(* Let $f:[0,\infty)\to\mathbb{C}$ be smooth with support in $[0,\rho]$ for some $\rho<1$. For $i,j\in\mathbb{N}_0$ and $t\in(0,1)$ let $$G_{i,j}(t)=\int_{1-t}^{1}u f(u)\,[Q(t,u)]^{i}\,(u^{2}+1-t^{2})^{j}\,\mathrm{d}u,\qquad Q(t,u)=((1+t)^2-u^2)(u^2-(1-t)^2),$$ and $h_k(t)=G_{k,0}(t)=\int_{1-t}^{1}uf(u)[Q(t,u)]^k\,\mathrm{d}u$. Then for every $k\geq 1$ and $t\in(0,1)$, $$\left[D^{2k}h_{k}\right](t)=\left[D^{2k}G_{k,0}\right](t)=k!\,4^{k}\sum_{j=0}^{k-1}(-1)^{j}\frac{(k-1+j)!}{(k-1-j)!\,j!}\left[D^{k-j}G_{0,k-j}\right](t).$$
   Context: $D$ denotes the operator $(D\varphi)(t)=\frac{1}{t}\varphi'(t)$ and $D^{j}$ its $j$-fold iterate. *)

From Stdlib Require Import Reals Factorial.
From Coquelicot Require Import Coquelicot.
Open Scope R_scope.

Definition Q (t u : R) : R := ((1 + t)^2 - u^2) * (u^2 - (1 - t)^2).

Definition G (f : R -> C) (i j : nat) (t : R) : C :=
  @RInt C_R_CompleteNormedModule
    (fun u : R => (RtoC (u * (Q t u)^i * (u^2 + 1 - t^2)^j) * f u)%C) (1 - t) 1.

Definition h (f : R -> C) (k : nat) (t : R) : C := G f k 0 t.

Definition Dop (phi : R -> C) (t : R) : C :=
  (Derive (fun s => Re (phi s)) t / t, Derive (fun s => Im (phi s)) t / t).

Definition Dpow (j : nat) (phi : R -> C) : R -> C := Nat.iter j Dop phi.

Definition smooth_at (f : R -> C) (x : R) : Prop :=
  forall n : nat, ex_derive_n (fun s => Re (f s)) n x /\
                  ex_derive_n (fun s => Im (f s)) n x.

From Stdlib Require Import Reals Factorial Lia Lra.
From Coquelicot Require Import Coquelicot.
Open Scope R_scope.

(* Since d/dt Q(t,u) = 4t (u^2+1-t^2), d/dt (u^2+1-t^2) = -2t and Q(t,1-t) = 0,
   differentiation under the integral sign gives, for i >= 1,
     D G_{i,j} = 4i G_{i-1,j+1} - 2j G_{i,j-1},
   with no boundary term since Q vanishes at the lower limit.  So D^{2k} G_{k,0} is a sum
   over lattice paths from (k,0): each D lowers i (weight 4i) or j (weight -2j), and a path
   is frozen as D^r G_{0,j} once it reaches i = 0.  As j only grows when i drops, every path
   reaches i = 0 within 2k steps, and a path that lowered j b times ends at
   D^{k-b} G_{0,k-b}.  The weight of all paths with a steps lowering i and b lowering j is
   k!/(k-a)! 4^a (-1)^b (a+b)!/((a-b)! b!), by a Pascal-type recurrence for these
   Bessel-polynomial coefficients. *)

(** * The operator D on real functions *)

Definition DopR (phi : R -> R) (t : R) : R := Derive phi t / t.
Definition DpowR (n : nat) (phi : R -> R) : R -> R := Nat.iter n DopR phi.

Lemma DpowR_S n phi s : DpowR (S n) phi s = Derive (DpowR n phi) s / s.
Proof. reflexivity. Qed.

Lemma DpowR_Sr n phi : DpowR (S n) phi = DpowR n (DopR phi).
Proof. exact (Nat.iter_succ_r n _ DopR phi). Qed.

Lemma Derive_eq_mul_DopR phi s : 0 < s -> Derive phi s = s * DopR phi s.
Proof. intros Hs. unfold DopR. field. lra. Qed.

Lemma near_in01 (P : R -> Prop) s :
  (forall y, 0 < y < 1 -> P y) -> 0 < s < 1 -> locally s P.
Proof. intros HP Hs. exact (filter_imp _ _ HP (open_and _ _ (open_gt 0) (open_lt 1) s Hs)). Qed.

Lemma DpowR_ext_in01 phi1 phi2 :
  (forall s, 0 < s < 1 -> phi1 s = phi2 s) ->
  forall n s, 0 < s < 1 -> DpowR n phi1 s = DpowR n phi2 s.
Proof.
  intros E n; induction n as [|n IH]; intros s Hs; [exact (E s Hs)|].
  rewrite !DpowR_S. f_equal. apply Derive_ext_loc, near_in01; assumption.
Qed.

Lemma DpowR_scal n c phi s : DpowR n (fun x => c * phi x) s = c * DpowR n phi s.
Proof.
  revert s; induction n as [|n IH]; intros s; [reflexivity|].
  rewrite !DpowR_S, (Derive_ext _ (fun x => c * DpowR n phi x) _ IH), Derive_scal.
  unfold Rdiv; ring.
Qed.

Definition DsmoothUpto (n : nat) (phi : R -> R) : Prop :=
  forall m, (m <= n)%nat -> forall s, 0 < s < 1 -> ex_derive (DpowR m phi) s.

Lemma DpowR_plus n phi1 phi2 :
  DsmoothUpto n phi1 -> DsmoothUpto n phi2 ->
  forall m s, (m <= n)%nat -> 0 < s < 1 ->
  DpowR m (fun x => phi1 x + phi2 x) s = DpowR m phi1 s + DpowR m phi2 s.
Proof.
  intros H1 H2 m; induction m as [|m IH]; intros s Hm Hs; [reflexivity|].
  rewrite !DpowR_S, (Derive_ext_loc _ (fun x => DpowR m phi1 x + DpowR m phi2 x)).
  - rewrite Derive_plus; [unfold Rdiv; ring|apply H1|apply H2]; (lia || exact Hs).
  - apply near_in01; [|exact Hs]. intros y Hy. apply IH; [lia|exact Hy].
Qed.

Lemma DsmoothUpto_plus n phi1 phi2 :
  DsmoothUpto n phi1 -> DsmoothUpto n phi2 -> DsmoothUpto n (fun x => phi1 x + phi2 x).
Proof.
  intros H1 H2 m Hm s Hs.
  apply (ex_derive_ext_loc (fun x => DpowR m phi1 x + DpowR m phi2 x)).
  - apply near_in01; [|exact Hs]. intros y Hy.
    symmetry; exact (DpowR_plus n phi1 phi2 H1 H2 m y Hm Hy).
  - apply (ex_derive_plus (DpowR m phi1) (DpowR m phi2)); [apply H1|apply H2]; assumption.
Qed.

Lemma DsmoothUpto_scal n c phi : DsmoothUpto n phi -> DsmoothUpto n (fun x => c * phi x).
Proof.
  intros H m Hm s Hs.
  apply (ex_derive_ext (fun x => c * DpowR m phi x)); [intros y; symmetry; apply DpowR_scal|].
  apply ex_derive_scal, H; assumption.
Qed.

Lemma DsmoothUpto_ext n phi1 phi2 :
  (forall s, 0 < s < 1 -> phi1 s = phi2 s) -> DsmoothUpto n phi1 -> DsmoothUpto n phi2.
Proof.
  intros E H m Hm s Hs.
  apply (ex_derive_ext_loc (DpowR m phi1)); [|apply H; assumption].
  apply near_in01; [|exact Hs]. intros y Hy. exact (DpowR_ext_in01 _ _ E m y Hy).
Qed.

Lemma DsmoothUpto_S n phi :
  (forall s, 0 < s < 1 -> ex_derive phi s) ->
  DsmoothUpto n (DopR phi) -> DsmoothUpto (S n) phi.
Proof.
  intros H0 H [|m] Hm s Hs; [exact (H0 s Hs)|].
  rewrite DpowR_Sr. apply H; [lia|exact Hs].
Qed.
——
- PROBLEM TO SOLVE -
Please copy, exactly and with nothing else, the lines above beginning at the line that has "apply ex_derive_scal, H; assumption." and ending with the line that has "apply (ex_derive_ext_loc (DpowR".

- ANSWER BELOW -
  apply ex_derive_scal, H; assumption.
Qed.

Lemma DsmoothUpto_ext n phi1 phi2 :
  (forall s, 0 < s < 1 -> phi1 s = phi2 s) -> DsmoothUpto n phi1 -> DsmoothUpto n phi2.
Proof.
  intros E H m Hm s Hs.
  apply (ex_derive_ext_loc (DpowR m phi1)); [|apply H; assumption].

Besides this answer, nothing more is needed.